Medicine technology, until very recently, has not followed this trend of anti-reality.  Dissection, EKGs, fiberoptic cameras.  These technologies all seek to either bring the doctor into closer direct contact with what I'm calling 'reality,' or to create a more accurate representation of that reality.  This representation is frought with its own complications (re: 'Virtual Reality'), but for now, I'm just stressing that the point in this technological process is to bring the operator closer to reality, rather than further away.  New prospects in computer-controlled lasers represent one divergence from this trend.

So what's the point?  Clearly I don't think technology is a bad thing (I'm blogging) - in fact I'm quite the technophile.  I think the 21st century is an astounding time to be alive.

But I wonder if maybe we're accepting our drift away from reality just a little too complacently. Maybe it's not a bad thing in and of itself, but have we stopped to consider the consequences, the side effects?  Perhaps there aren't any, then again...

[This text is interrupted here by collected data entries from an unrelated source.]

(* Let $X$ be any object of $\mathsf{SquaMS}$, let $m\in M$ and $x,y\in X$. Then every finite path $(m,x)=z_0,z_1,\dots,z_k=(m,y)$ in $M\times X$ has score at least $\frac13 d_X(x,y)$.
   Context: Let $M_0=\{(r,s)\in[0,1]^2: r\in\{0,1\}\text{ or } s\in\{0,1\}\}$. A square metric space is a pair $(X,S_X)$ with $X$ a metric space with all distances at most $2$ and $S_X\colon M_0\to X$ injective such that (sq1) for $i\in\{0,1\}$, $r,s\in[0,1]$: $d_X(S_X(i,r),S_X(i,s))=|s-r|$ and $d_X(S_X(r,i),S_X(s,i))=|s-r|$; (sq2) $d_X(S_X(r,s),S_X(t,u))\ge|r-t|+|s-u|$; $\mathsf{SquaMS}$ is the category of these. Let $N=\{0,1,2\}^2$, $M=N\setminus\{(1,1)\}$, also viewed as points of $\mathbb{R}^2$. Let $\sim$ be the equivalence relation on $M\times X$ generated by $(m,S_X(p))\sim(n,S_X(q))$ whenever $m,n\in M$ differ by exactly $1$ in exactly one coordinate and $(m+p)/3=(n+q)/3$. On $M\times X$ let $d((a,u),(b,v))=\frac13 d_X(u,v)$ if $a=b$ and $2$ otherwise. The score of a finite path $z_0,\dots,z_k$ in $M\times X$ is $\sum_{i<k}c_i$, where $c_i=0$ if $z_i\sim z_{i+1}$ and $c_i=d(z_i,z_{i+1})$ otherwise. *)

From Stdlib Require Import Reals Lra Lia Relations ClassicalEpsilon.
Open Scope R_scope.

Definition inM0 (r s : R) : Prop :=
  0 <= r <= 1 /\ 0 <= s <= 1 /\ (r = 0 \/ r = 1 \/ s = 0 \/ s = 1).

(* Objects of SquaMS: a metric space with all distances <= 2 together with
   S : M_0 -> X (given as a function R -> R -> X, only its values on M_0
   matter) injective on M_0 and satisfying (sq1), (sq2). *)
Record SquaMS := {
  carrier :> Type;
  dX : carrier -> carrier -> R;
  dX_nonneg : forall x y, 0 <= dX x y;
  dX_eq0 : forall x y, dX x y = 0 <-> x = y;
  dX_sym : forall x y, dX x y = dX y x;
  dX_tri : forall x y z, dX x z <= dX x y + dX y z;
  dX_le2 : forall x y, dX x y <= 2;
  SX : R -> R -> carrier;
  S_inj : forall r s t u, inM0 r s -> inM0 t u -> SX r s = SX t u -> r = t /\ s = u;
  sq1 : forall i r s, (i = 0 \/ i = 1) -> 0 <= r <= 1 -> 0 <= s <= 1 ->
        dX (SX i r) (SX i s) = Rabs (s - r) /\ dX (SX r i) (SX s i) = Rabs (s - r);
  sq2 : forall r s t u, inM0 r s -> inM0 t u ->
        dX (SX r s) (SX t u) >= Rabs (r - t) + Rabs (s - u)
}.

We aren't sacrificing virigns to the Blue Screen of Death (yet - wait, would that work?), but the more we allow ourselves at an individual and social level to become dependent on instruments and institutions that we don't ourselves understand (functionally or historically, to bring it back to Bruno), the closer we come to a civilization of mystics and soothesayers.  

If we accept that just rebooting our computer one more time is going to (magically) make that error message go away, how much better are we than the alchemists of yore?

So learn to drive a standard.  Make your kids learn.  Because when the apocalypse hits, it'll be the MacGuyvers, not the Neos, that keep the experiment of humanity ticking along.